Let $X$ be a topological space and $K$ be a subset of $X$. Let $B$ be a basis of topology on $X$ (i.e. every open subset of $X$ is a union of some members in $B$).

Claim: If every open cover of $K$ by elements of $B$ has a finite sub-cover then $K$ is compact.

Proof: Let $\{ U_{\alpha}:\alpha\in I\}$ be an arbitrary open cover of $K$. We want to find finite sub-cover of it. Now each $U_{\alpha}$ is equal to union of some members of $B$. Thus $K$ is contained in a union of members of $B$ and by hopothesis, it has a finite sub-cover. Thus, if $K\subseteq B_1 \cup B_2 \cup \cdots \cup B_n$, then for each $i$ in $1,2,\ldots, n$, pick-up one member $U_{\alpha_i}$ such that $B_i\subseteq U_{\alpha_i}$. It is then clear that $K$ is covered by $U_{\alpha_1}, U_{\alpha_2},\cdots,U_{\alpha_n}$.

Q.1 Is this argument correct?

Q.2 Using this fact, I think we can easily prove that if $K_1$ and $K_2$ are compact subsets of $X_1$ and $X_2$ then $K_1\times K_2$ is compact subset of $X_1\times X_2$. Is this correct?


1 Answer 1


Yes, the proof you provided is exactly correct .

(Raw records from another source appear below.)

Definition is_dseq (us : seq T) : bool :=
  all (fun p => ~~ terminal p.1 && (p.2 \in core p.1)) (zip (dstates us) us) &&
  terminal (last setT (dstates us)).

(* s = size (dstates us) = size us + 1 *)
Definition dlen (us : seq T) : nat := size (dstates us).
Definition dlist (us : seq T) : seq nat :=
  [seq dcore p.1 p.2 | p <- zip (dstates us) us] ++
  [:: dterm (last setT (dstates us))].
Definition mlist (us : seq T) : seq nat := [seq miso X | X <- dstates us].

(* 1-indexed d_j, m_j, y_j, z_i *)
Definition d_ (us : seq T) (j : nat) : nat := nth 0 (dlist us) j.-1.
Definition m_ (us : seq T) (j : nat) : nat := nth 0 (mlist us) j.-1.
Definition y_ (us : seq T) (j : nat) : int := ((m_ us j)%:Z + 1 - (d_ us j)%:Z)%R.
Definition z_ (us : seq T) (i : nat) : int := (\sum_(2 <= j < i.+1) y_ us j)%R.
Definition d_G (us : seq T) : nat := d_ us 1.
End Graph.

From mathcomp Require Import all_boot all_order all_algebra.
From mathcomp Require Import zify.
Import GRing.Theory Num.Theory.
Set Implicit Arguments. Unset Strict Implicit. Unset Printing Implicit Defensive.

(* Upper bound (a greedy numbering along the d-sequence).  Process the
   sequence G_1, ..., G_s from the left, keeping a counter lo of numbers
   already used.  At step i, the d_i neighbours of u_i in G_i receive the
   next d_i numbers; the graph G_{i+1} is numbered recursively starting at
   lo + d_i; then u_i and finally the m_i isolated vertices of G_i get the
   largest remaining numbers.  An edge of G_i then either meets a neighbour
   of u_i (sum of labels at most 2lo + 2d_i + |G_{i+1}| + 1) or lies inside
   G_{i+1}; the terminal graph m K_1 + K_r is numbered in any order.  The
   arithmetic conditions collected along the way (predicate [greedy_ok]) are
   exactly  z_i(G) >= 0  once the bound B = p + d_G and m_1 = 0 are fixed.

   Lower bound (pigeonhole).  The vertex numbered p has at least delta
   neighbours carrying distinct numbers, so one of them has number at least
   delta, and this edge has weight at least p + delta. *)

Section Labellings.
Variable T : finType.

Definition block_labelling (A : {set T}) (lo : nat) (g : T -> nat) :=
  {in A &, injective g} /\ {in A, forall v, lo < g v <= lo + #|A|}.

Lemma block_labelling_exists (A : {set T}) lo : exists g, block_labelling A lo g.
Proof.
exists (fun v => lo + (index v (enum A)).+1); split.
- move=> x y xA yA /= /eqP; rewrite eqn_add2l eqSS => /eqP eq_index.
  by rewrite -(nth_index x (_ : x \in enum A)) ?mem_enum // eq_index nth_index ?mem_enum.
- move=> v vA; rewrite cardE.
  have : index v (enum A) < size (enum A) by rewrite index_mem mem_enum.
  lia.
Qed.

Lemma block_labelling_set1 u lo : block_labelling [set u] lo (fun=> lo.+1).
Proof.
split; first by move=> x y; rewrite !inE => /eqP -> /eqP ->.
by move=> v _; rewrite cards1; lia.
Qed.

Lemma cardsU_disjoint (A C : {set T}) :
  [disjoint A & C] -> #|A :|: C| = #|A| + #|C|.
Proof. by move=> dAC; rewrite cardsU (disjoint_setI0 dAC) cards0 subn0. Qed.

Lemma block_labelling_union (A C : {set T}) lo (gA gC : T -> nat) :
  [disjoint A & C] -> block_labelling A lo gA ->
  block_labelling C (lo + #|A|) gC ->
  block_labelling (A :|: C) lo (fun v => if v \in A then gA v else gC v).
Proof.
move=> dAC [injA rgA] [injC rgC].
have notA v : v \in C -> (v \in A) = false by move=> vC; exact: disjointFl dAC vC.
split; last first.
  move=> v; rewrite inE cardsU_disjoint // => /orP[vA|vC].
    by rewrite vA; move: (rgA _ vA); lia.
  by rewrite notA //; move: (rgC _ vC); lia.
move=> x y; rewrite !inE => /orP[xA|xC] /orP[yA|yC].
- by rewrite xA yA; exact: injA.
- by rewrite xA notA // => gxy; move: (rgA _ xA) (rgC _ yC); lia.
- by rewrite yA notA // => gxy; move: (rgA _ yA) (rgC _ xC); lia.
- by rewrite !notA //; exact: injC.
Qed.

Lemma exists_large_label (A : {set T}) (g : T -> nat) :
  {in A &, injective g} -> 0 < #|A| -> exists2 w, w \in A & #|A| <= (g w).+1.
Proof.
move=> injg A_gt0; apply/exists_inP; apply: contraT => /exists_inPn small.
have uniq_labels : uniq [seq g w | w <- enum A].
  by rewrite map_inj_in_uniq ?enum_uniq // => x y; rewrite !mem_enum; exact: injg.
have sub : {subset [seq g w | w <- enum A] <= iota 0 #|A|.-1}.
  move=> n /mapP[w]; rewrite mem_enum => wA ->.
  by rewrite mem_iota add0n; move: (small w wA); lia.
by move: (uniq_leq_size uniq_labels sub); rewrite size_iota size_map -cardE; lia.
Qed.

End Labellings.

Section GreedyNumbering.
Variable T : finType.
Variable e : rel T.
Hypothesis esym : symmetric e.
Hypothesis eirr : irreflexive e.

Definition edge_bounded (S : {set T}) (g : T -> nat) (B : nat) :=
  {in S &, forall v w, e v w -> g v + g w <= B}.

Now, for the $2nd$ problem, this typical fact is not enough as because if $I$ be an index set, then obviously $\cup_{\alpha \in I} (U_{\alpha} × V_{\alpha}) \neq (\cup_{\alpha} U_{\alpha}) × (\cup_{\alpha} V_{\alpha})$; in general, for some family of sets $\{U_{\alpha}|\alpha \in I\}$ and $\{V_{\alpha}|\alpha \in I\}$ .

The crucial fact required here is the somewhat called "The tube lemma".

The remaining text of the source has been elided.